**ENTRIES SUPPLIED:**
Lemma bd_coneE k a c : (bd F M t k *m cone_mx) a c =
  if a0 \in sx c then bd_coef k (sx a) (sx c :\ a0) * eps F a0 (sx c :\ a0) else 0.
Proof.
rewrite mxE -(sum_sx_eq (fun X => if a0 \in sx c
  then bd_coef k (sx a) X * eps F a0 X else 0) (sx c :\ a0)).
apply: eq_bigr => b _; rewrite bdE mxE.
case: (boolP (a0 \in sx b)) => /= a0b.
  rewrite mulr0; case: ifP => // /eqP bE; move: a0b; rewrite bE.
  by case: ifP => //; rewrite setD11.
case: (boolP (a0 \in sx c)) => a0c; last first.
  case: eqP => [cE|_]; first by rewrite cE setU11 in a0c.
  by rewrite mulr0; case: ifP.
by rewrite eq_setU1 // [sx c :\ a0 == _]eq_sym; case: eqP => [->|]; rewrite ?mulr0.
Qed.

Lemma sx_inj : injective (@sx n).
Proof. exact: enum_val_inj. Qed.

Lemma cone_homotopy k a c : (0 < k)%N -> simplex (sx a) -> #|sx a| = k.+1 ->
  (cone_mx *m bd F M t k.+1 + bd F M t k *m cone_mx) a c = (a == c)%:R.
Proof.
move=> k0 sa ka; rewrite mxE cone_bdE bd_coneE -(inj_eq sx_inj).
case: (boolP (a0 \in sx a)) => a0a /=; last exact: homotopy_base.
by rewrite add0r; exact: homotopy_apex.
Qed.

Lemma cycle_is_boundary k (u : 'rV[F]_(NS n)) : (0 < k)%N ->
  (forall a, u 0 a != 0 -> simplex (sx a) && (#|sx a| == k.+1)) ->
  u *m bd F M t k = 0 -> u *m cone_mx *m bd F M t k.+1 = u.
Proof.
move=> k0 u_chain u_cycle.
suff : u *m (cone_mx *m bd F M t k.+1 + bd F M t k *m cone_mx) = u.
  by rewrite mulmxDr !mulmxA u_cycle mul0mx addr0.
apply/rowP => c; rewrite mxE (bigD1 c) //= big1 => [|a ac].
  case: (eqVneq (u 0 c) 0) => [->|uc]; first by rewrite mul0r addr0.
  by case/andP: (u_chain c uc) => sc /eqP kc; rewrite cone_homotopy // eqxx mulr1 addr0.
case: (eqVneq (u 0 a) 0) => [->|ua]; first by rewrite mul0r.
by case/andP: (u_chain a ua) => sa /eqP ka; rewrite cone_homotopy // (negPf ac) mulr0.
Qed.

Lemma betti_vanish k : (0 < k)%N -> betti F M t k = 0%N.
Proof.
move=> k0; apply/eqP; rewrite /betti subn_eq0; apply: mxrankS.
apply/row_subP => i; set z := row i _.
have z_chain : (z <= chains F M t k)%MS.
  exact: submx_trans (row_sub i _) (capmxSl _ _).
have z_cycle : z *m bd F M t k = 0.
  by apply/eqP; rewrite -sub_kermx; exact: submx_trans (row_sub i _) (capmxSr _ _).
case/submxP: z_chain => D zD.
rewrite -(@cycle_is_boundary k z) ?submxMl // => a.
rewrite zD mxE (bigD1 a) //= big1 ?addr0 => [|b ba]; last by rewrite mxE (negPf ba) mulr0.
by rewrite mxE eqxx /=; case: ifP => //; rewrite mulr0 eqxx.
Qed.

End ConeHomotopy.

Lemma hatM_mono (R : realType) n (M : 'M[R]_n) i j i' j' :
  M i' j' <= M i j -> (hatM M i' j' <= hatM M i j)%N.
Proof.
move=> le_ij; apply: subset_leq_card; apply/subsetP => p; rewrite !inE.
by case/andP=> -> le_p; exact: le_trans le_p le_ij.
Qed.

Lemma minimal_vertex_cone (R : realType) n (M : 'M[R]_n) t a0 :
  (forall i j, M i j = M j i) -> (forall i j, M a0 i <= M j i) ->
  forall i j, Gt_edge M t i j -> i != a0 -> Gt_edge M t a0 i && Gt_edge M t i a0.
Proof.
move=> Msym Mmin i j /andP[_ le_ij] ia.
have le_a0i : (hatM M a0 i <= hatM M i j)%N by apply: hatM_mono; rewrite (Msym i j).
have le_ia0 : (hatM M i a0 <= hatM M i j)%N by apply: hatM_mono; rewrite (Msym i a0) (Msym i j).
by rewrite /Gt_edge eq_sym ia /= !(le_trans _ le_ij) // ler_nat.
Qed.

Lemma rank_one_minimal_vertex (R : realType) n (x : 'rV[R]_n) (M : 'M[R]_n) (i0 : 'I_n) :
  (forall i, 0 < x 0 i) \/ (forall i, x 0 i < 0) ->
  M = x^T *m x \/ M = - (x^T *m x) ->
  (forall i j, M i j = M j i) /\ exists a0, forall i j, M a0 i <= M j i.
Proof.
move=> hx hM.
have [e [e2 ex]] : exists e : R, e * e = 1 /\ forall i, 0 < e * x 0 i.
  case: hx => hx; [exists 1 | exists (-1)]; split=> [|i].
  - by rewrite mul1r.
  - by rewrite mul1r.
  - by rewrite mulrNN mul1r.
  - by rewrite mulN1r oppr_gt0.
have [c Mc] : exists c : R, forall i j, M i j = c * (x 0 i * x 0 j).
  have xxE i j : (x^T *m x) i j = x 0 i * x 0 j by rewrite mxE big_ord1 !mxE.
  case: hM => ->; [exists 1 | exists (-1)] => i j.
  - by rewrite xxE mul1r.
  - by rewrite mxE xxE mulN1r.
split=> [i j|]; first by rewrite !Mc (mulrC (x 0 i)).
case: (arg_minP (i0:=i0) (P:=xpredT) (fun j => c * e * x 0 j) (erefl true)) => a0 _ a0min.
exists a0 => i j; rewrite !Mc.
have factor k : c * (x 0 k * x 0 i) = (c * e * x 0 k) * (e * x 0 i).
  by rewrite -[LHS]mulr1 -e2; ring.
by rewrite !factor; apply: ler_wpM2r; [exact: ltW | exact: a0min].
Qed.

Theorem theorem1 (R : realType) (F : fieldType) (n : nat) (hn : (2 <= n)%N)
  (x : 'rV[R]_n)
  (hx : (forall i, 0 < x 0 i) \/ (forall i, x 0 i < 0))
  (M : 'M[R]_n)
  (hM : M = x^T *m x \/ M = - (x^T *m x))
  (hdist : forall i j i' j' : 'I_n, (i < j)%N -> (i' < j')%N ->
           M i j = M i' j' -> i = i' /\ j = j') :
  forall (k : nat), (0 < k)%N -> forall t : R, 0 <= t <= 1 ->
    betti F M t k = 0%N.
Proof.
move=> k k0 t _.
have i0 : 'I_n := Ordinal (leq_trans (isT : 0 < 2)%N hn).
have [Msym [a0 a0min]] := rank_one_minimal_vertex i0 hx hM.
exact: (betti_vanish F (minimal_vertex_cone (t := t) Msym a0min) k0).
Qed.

**DIRECTIONS FOR THIS TASK:** Every line from the first through the one containing "Proof. exact: enum_val_inj. Qed." in the listing above must be given again exactly, with nothing else alongside.

**THE COMPLETED TASK:**
Lemma bd_coneE k a c : (bd F M t k *m cone_mx) a c =
  if a0 \in sx c then bd_coef k (sx a) (sx c :\ a0) * eps F a0 (sx c :\ a0) else 0.
Proof.
rewrite mxE -(sum_sx_eq (fun X => if a0 \in sx c
  then bd_coef k (sx a) X * eps F a0 X else 0) (sx c :\ a0)).
apply: eq_bigr => b _; rewrite bdE mxE.
case: (boolP (a0 \in sx b)) => /= a0b.
  rewrite mulr0; case: ifP => // /eqP bE; move: a0b; rewrite bE.
  by case: ifP => //; rewrite setD11.
case: (boolP (a0 \in sx c)) => a0c; last first.
  case: eqP => [cE|_]; first by rewrite cE setU11 in a0c.
  by rewrite mulr0; case: ifP.
by rewrite eq_setU1 // [sx c :\ a0 == _]eq_sym; case: eqP => [->|]; rewrite ?mulr0.
Qed.

Lemma sx_inj : injective (@sx n).
Proof. exact: enum_val_inj. Qed.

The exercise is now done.